WORK INSTRUCTIONS: When you reach the entries below, transcribe each one exactly as it stands.

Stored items

..............................

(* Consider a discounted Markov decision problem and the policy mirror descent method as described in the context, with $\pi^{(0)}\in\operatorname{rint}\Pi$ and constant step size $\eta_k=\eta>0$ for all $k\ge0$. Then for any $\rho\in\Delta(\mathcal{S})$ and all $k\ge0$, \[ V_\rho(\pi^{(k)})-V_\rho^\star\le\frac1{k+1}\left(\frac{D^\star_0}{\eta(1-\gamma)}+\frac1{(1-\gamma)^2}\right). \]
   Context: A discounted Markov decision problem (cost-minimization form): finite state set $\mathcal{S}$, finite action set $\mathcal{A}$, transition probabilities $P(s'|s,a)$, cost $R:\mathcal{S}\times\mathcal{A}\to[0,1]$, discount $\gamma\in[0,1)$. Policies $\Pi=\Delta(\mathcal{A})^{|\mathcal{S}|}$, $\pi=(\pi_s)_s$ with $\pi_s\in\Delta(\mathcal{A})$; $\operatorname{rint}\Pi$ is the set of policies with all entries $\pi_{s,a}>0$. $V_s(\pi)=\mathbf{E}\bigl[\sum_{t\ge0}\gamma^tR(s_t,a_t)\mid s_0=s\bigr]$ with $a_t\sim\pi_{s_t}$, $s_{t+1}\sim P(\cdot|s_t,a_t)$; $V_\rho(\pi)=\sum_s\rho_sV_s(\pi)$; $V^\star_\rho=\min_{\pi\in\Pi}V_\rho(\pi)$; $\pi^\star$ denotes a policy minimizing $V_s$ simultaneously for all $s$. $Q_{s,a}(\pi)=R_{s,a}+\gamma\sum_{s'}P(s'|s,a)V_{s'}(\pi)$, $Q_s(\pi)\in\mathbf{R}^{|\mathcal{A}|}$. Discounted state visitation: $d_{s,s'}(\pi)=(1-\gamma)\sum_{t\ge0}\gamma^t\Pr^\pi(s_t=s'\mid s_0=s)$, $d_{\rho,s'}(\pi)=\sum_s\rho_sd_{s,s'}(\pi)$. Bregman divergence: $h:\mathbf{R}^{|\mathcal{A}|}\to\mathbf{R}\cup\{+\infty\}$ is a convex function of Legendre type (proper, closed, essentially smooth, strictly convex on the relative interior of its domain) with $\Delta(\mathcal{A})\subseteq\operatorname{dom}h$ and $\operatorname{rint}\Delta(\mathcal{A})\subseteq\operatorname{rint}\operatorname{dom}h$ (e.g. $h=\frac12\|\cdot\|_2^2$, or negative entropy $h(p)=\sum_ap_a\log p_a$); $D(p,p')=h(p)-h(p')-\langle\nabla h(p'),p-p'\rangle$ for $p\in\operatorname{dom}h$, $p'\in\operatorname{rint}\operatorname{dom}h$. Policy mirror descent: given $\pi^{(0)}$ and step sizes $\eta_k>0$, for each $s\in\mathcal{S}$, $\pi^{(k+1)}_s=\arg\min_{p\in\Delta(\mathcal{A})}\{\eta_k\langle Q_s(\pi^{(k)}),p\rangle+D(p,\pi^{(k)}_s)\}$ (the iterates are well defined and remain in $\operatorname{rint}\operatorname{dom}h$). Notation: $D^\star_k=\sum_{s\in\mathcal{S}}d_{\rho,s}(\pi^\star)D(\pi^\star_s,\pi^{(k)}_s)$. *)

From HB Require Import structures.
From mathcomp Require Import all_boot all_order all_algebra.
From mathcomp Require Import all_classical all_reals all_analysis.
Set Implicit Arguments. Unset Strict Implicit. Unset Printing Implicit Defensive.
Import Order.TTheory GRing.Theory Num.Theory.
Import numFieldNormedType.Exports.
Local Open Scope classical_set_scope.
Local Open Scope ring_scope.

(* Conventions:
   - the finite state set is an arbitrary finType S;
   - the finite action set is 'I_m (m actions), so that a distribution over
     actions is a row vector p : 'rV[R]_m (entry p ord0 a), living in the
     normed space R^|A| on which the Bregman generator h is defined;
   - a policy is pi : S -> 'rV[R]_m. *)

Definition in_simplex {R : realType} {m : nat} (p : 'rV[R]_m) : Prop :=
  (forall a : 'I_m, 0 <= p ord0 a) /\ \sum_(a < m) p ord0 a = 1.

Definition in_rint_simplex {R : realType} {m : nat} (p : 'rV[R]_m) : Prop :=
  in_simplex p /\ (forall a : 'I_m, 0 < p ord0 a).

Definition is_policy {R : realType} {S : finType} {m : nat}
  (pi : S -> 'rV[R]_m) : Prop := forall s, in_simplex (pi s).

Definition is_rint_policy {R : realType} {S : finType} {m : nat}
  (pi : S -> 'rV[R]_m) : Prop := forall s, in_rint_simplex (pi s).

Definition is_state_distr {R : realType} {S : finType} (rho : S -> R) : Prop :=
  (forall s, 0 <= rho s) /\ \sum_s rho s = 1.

..............................

RESULT OF THIS EXERCISE:
(* Consider a discounted Markov decision problem and the policy mirror descent method as described in the context, with $\pi^{(0)}\in\operatorname{rint}\Pi$ and constant step size $\eta_k=\eta>0$ for all $k\ge0$. Then for any $\rho\in\Delta(\mathcal{S})$ and all $k\ge0$, \[ V_\rho(\pi^{(k)})-V_\rho^\star\le\frac1{k+1}\left(\frac{D^\star_0}{\eta(1-\gamma)}+\frac1{(1-\gamma)^2}\right). \]
   Context: A discounted Markov decision problem (cost-minimization form): finite state set $\mathcal{S}$, finite action set $\mathcal{A}$, transition probabilities $P(s'|s,a)$, cost $R:\mathcal{S}\times\mathcal{A}\to[0,1]$, discount $\gamma\in[0,1)$. Policies $\Pi=\Delta(\mathcal{A})^{|\mathcal{S}|}$, $\pi=(\pi_s)_s$ with $\pi_s\in\Delta(\mathcal{A})$; $\operatorname{rint}\Pi$ is the set of policies with all entries $\pi_{s,a}>0$. $V_s(\pi)=\mathbf{E}\bigl[\sum_{t\ge0}\gamma^tR(s_t,a_t)\mid s_0=s\bigr]$ with $a_t\sim\pi_{s_t}$, $s_{t+1}\sim P(\cdot|s_t,a_t)$; $V_\rho(\pi)=\sum_s\rho_sV_s(\pi)$; $V^\star_\rho=\min_{\pi\in\Pi}V_\rho(\pi)$; $\pi^\star$ denotes a policy minimizing $V_s$ simultaneously for all $s$. $Q_{s,a}(\pi)=R_{s,a}+\gamma\sum_{s'}P(s'|s,a)V_{s'}(\pi)$, $Q_s(\pi)\in\mathbf{R}^{|\mathcal{A}|}$. Discounted state visitation: $d_{s,s'}(\pi)=(1-\gamma)\sum_{t\ge0}\gamma^t\Pr^\pi(s_t=s'\mid s_0=s)$, $d_{\rho,s'}(\pi)=\sum_s\rho_sd_{s,s'}(\pi)$. Bregman divergence: $h:\mathbf{R}^{|\mathcal{A}|}\to\mathbf{R}\cup\{+\infty\}$ is a convex function of Legendre type (proper, closed, essentially smooth, strictly convex on the relative interior of its domain) with $\Delta(\mathcal{A})\subseteq\operatorname{dom}h$ and $\operatorname{rint}\Delta(\mathcal{A})\subseteq\operatorname{rint}\operatorname{dom}h$ (e.g. $h=\frac12\|\cdot\|_2^2$, or negative entropy $h(p)=\sum_ap_a\log p_a$); $D(p,p')=h(p)-h(p')-\langle\nabla h(p'),p-p'\rangle$ for $p\in\operatorname{dom}h$, $p'\in\operatorname{rint}\operatorname{dom}h$. Policy mirror descent: given $\pi^{(0)}$ and step sizes $\eta_k>0$, for each $s\in\mathcal{S}$, $\pi^{(k+1)}_s=\arg\min_{p\in\Delta(\mathcal{A})}\{\eta_k\langle Q_s(\pi^{(k)}),p\rangle+D(p,\pi^{(k)}_s)\}$ (the iterates are well defined and remain in $\operatorname{rint}\operatorname{dom}h$). Notation: $D^\star_k=\sum_{s\in\mathcal{S}}d_{\rho,s}(\pi^\star)D(\pi^\star_s,\pi^{(k)}_s)$. *)

From HB Require Import structures.
From mathcomp Require Import all_boot all_order all_algebra.
From mathcomp Require Import all_classical all_reals all_analysis.
Set Implicit Arguments. Unset Strict Implicit. Unset Printing Implicit Defensive.
Import Order.TTheory GRing.Theory Num.Theory.
Import numFieldNormedType.Exports.
Local Open Scope classical_set_scope.
Local Open Scope ring_scope.

(* Conventions:
   - the finite state set is an arbitrary finType S;
   - the finite action set is 'I_m (m actions), so that a distribution over
     actions is a row vector p : 'rV[R]_m (entry p ord0 a), living in the
     normed space R^|A| on which the Bregman generator h is defined;
   - a policy is pi : S -> 'rV[R]_m. *)

Definition in_simplex {R : realType} {m : nat} (p : 'rV[R]_m) : Prop :=
  (forall a : 'I_m, 0 <= p ord0 a) /\ \sum_(a < m) p ord0 a = 1.

Definition in_rint_simplex {R : realType} {m : nat} (p : 'rV[R]_m) : Prop :=
  in_simplex p /\ (forall a : 'I_m, 0 < p ord0 a).

Definition is_policy {R : realType} {S : finType} {m : nat}
  (pi : S -> 'rV[R]_m) : Prop := forall s, in_simplex (pi s).

Definition is_rint_policy {R : realType} {S : finType} {m : nat}
  (pi : S -> 'rV[R]_m) : Prop := forall s, in_rint_simplex (pi s).

Definition is_state_distr {R : realType} {S : finType} (rho : S -> R) : Prop :=
  (forall s, 0 <= rho s) /\ \sum_s rho s = 1.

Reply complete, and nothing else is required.